Several MPPT algorithms and hardware techniques have been proposed in the literature for tracking the maximum power from a PV system under partial shade [7,8,9,10]. Traditional techniques for tracking the MPP of a PV array either strive for oscillations around the MPP (the hill climbing method) or involve techniques that are very computationally intricate (artificial-intelligence-based techniques). Moreover, these techniques demand complete scanning of I-V/P-V curves in order to achieve the MPP [11].
The trend of employing the virtual imaging technique (VIT) for MPPT has soared in the recent past. Due to the major benefit of a non-intrusive electronic interface circuit, the VIT has attracted many researchers to work in this field. In [12], the dust accumulation on a PV array was detected for a PV-array-cleaning robot. In [13], thermal imaging was adopted to detect micro cracks in PV cells. The application of VI is not only limited to condition or performance monitoring of PV arrays but is also used in MPPT as well.
For example, in [14], the authors used the concept of thermography to detect partially shaded modules in a PV array. This method detects partial shading through the differential temperature between a healthy and an unhealthy module of the PV array. It does not require scanning the I-V/P-V curves but instead takes into account the phenomenon of temperature in spite of the irradiance that is directly affecting the current.
Moreover, this technique [14] becomes limited if partial shading occurs on more than one module of a PV array at a time. In [15], a similar technique was proposed, based on the analysis of a single cell of a PV panel. In [16], the maximum power point tracking of a PV array is performed by shadow detection using a video camera and subsequent canny edge detection and image morphology based processing. Based on this, the algorithm reconfigures a PV array to mitigate the partial shading effects [16].
This technique is unable to distinguish between light shade and dark shade. The nature of shade impacts the current produced by the module. Thus, the information about the intensity of shading is significant for the precise operation of the MPP tracker. In [17], the partial shading of a PV module was detected using an optical camera. In [18], an aerial drone was used to visualize the condition of a large PV field. However, this may not be feasible for small PV applications. Infrared imaging was used to detect aging in [19,20]. This work, although not related to the MPPT, provides a useful insight about the use of cameras for PV systems.
Our paper presents a method to detect the global maxima (GM) of partially shaded PV array using a virtual imaging technique. The proposed technique to acquire images of a PV array uses a simple optical camera and is able to distinguish between light and dark shade conditions. Unlike existing techniques, the proposed technique is independent of the factor of temperature, which is affected by the natural phenomenon of partial shading. However, temperature is a time-dependent phenomenon, and thus it might introduce a delay in the processing of an MPP tracker.
Once the proposed technique discovers the partially shaded module in the PV array, this visual information is further transformed into I-V parametric equations that are solved in order to find the maximum power point region under that particular shading scenario.
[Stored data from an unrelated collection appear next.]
Definition root_phases (w : 'I_#|mask| -> C) (S : mask) : C :=
  (2 ^ n')%N.-root (w (enum_rank S))^-1.

Variable w : 'I_#|mask| -> C.
Hypothesis w1 : forall i, `|w i| = 1.

Lemma root_phases_norm S : `|root_phases w S| = 1.
Proof. by rewrite norm_rootC normfV w1 invr1 rootC1 // expn_gt0. Qed.

Lemma root_phasesX S : root_phases w S ^+ (2 ^ n') = (w (enum_rank S))^-1.
Proof. by rewrite rootCK // expn_gt0. Qed.

Lemma parity_phase_depth_bound m d (M : op R (n + m)) :
  alg_independent w -> has_depth_circuit d M ->
  embeds (cd_circuit_op (parity_phase_circuit (root_phases w))) M ->
  (2 ^ n' <= 32 * ((n + m) * d))%N.
Proof.
move=> w_indep /has_depth_circuit_ratpoly[vs [vs_uniq size_vs vs_conj ME]] embM.
pose diagM y := M (pad_ancillae m y) (pad_ancillae m y).
have diagME y : diagM y = \prod_S gadget_phase (root_phases w) S y.
  by rewrite /diagM (embeds_diag embM) parity_phase_circuitE eqxx mul1r.
have wE T : w (enum_rank T) = \prod_y (if chi T y then (diagM y)^* else diagM y).
  under eq_bigr do rewrite diagME.
  by rewrite parity_phase_inversion ?root_phasesX ?invrK //; exact: root_phases_norm.
have w_ratpoly i : ratpoly_in (mem vs) (#|basis n| * (d * (n + m))) (w i).
  rewrite -(enum_valK i) wE -sum_nat_const; apply: ratpoly_in_prod => y.
  by case: chi; [apply: (ratpoly_in_rmorph (f := Num.conj)) | ]; rewrite /diagM.
have := alg_independent_card vs_uniq w_indep w_ratpoly.
by rewrite card_ffun card_bool card_ord => /leq_trans; apply.
Qed.

End DepthBound.

Theorem corollary1 (R : realType) :
  exists C : forall n : nat, seq (cd_gate R n),
    (forall n g, List.In g (C n) -> cd_gate_ok g) /\
    forall p : {poly R}, exists q : {poly R},
      forall n : nat, (0 < n)%N ->
        0 < q.[n%:R] /\
        forall (m d : nat) (M : op R (n + m)),
          m%:R <= p.[n%:R] ->
          has_depth_circuit d M ->
          embeds (cd_circuit_op (C n)) M ->
          2 ^+ n / q.[n%:R] <= d%:R.
Proof.
have W n' := cid2 (exists_alg_independent_unit R #|{ffun 'I_n' -> bool}|).
exists (fun n => if n is n'.+1 then parity_phase_circuit (root_phases (s2val (W n'))) else [::]).
split=> [[|n'] g //|p].
  move=> g_in; apply: parity_phase_circuit_ok g_in => S.
  by apply: root_phases_norm => i; exact: (s2valP (W n') i).
exists (64%:R *: ('X + p * p + 1)) => -[|n'] // _; rewrite hornerZ !hornerE.
have q_pos : 0 < 64%:R * ((n'.+1)%:R + p.[(n'.+1)%:R] * p.[(n'.+1)%:R] + 1) :> R.
  by have := ler0n R n'.+1; nra.
split=> // m d M le_m depthM embM; rewrite ler_pdivrMr //.
have := parity_phase_depth_bound (s2valP (W n')) (s2valP' (W n')) depthM embM.
rewrite -(ler_nat R) natrM natrX natrM natrD => le_exp.
rewrite exprS; apply: le_trans (ler_wpM2l (ler0n _ 2) le_exp) _.
have le_m2 : m%:R <= p.[(n'.+1)%:R] * p.[(n'.+1)%:R] + 1 :> R by nra.
have d0 : 0 <= d%:R :> R := ler0n _ d.
nra.
Qed.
Furthermore, the proposed method is mathematically less complex due to the fewer mathematical operations that are involved.
The rest of the paper is as follows. Section 2 describes the workflow for virtual imaging. This section also includes the image formulation model based on existing techniques and the proposed neighboring-pixel-based algorithm. Section 3 details the validation of the proposed NPBVI MPPT. The sizing of the PV array and the design parameters of the DC-DC converter are also explained in Section 3. The paper concludes with Section 4.

2. Proposed MPPT

2.1. The Image Formation Model

Images are usually denoted in two dimensions of the form f ( x , y ) , which is a positive scalar quantity. The physical value of this function is determined by the source of the image. An image is generated in a way that the image intensity value is proportional to the energy radiated by a physical source [21]. Consequently, the mathematical form of image f ( x , y ) has a non-zero finite value as expressed in Equation (1)
0 < f ( x , y ) <
The function expressed in (1) is signaled by two components: (1) the light that is incident on the object being viewed, known as the illumination; and (2) the illumination reflected by the object, known as the reflectance. The illumination ( i ( x , y ) ) and reflectance ( r ( x , y ) ) can mathematically be described as (2)
f ( x , y ) = i ( x , y ) r ( x , y ) W h e r e , 0 < i ( x , y ) < a n d 0 < r ( x , y ) < 1
The nature of i ( x , y ) is determined by the illumination source, which is the sun in the case of PV and MPPT, and that of r ( x , y ) is determined by the characteristics of the object, which is the PV module in this manuscript. The image is then converted into digital form using sampling and quantization so that the function f ( x , y ) is sampled in terms of the coordinates and amplitude. The process of digitizing the coordinate values of the function is termed as sampling, while digitizing the amplitude value is known as quantization.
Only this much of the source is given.